Task item ▸ Lines with the word "pred" in them must be copied from the records below.

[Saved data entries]

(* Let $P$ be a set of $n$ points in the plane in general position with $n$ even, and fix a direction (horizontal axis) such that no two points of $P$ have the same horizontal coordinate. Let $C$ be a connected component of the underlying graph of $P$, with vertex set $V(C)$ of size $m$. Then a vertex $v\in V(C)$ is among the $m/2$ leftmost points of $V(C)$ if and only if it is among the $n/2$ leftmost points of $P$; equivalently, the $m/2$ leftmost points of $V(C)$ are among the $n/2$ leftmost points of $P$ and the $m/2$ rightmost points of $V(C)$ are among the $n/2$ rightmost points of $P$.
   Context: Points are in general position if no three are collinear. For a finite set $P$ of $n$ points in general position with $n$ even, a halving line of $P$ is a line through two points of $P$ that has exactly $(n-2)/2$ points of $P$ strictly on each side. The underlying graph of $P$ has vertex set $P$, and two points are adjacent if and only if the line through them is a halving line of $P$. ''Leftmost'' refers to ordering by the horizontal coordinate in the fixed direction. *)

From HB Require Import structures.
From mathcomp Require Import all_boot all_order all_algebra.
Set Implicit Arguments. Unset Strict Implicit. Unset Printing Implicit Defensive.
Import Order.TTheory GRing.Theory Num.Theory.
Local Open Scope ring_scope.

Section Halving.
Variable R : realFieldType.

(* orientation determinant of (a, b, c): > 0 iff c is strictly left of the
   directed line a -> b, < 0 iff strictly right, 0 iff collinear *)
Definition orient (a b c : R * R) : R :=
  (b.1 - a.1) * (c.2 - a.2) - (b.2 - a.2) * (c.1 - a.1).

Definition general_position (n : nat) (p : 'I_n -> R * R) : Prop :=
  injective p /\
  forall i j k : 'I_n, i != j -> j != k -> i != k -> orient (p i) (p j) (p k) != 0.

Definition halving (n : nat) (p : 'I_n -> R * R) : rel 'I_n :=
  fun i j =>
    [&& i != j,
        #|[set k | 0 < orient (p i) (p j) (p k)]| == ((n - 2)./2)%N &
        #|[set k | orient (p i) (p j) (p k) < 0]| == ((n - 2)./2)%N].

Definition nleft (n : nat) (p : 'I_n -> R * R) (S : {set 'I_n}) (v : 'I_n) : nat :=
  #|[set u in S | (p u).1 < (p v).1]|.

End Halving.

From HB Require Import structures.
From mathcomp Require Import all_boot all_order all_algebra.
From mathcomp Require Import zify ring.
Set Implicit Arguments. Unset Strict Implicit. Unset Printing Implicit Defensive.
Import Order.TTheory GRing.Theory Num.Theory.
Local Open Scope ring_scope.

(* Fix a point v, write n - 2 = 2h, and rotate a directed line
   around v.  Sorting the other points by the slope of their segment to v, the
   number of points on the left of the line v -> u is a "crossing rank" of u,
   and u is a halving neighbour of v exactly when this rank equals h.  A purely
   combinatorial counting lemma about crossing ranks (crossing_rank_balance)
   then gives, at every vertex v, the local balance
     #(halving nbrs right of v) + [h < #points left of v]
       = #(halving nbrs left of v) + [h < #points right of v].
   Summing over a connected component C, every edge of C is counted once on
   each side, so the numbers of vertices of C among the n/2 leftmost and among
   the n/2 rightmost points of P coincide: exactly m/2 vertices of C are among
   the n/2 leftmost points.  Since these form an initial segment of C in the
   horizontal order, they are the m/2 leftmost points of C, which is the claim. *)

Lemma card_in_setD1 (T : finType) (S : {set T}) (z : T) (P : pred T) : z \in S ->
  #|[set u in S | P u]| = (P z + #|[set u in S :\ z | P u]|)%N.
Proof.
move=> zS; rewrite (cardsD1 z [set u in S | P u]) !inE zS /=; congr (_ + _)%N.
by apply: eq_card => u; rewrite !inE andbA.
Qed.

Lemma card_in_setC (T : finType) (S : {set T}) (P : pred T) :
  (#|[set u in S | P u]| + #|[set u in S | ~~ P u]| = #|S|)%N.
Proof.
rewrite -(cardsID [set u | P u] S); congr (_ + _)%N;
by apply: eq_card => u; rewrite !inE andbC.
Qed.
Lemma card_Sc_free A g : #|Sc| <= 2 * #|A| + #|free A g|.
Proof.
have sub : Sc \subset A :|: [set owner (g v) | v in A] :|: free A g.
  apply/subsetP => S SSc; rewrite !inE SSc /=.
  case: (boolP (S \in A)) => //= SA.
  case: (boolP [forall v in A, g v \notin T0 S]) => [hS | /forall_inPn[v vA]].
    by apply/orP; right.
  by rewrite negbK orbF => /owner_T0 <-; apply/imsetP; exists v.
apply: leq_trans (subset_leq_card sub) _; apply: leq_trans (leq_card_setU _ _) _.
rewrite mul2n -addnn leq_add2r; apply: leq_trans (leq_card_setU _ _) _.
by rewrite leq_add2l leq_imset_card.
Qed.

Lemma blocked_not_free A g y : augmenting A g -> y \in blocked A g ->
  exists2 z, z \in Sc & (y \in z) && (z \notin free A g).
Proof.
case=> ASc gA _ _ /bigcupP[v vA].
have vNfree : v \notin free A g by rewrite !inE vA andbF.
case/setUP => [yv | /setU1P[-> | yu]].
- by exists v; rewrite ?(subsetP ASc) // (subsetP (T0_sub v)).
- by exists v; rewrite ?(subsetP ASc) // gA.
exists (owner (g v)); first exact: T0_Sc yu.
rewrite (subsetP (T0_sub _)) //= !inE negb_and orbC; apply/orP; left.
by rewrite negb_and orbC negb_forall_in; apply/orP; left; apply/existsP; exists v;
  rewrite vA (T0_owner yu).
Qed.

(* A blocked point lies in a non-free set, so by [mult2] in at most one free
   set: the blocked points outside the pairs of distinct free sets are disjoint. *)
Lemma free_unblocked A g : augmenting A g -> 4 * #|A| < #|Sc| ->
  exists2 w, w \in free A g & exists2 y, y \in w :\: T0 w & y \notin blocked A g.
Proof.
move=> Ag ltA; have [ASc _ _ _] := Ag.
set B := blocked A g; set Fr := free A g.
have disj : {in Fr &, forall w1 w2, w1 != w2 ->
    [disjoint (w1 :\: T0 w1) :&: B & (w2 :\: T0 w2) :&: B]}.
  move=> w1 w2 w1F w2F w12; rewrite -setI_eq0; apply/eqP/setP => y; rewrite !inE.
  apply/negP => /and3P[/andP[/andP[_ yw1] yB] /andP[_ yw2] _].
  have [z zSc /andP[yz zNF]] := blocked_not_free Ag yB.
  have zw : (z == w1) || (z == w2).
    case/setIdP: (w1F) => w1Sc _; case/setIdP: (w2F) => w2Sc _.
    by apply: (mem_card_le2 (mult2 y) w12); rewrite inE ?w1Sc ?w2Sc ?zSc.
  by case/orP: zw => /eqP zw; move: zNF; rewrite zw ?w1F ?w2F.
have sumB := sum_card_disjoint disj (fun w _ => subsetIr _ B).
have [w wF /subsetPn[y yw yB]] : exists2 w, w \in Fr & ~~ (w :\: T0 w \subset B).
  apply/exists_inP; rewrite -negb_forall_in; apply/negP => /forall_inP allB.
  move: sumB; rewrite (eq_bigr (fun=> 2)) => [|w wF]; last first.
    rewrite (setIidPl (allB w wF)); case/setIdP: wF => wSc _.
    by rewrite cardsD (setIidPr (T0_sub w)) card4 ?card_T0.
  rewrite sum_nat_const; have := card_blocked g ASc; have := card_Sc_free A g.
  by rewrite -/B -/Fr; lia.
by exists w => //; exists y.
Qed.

Solution for this problem ▸
Lemma card_in_setD1 (T : finType) (S : {set T}) (z : T) (P : pred T) : z \in S ->
Lemma card_in_setC (T : finType) (S : {set T}) (P : pred T) :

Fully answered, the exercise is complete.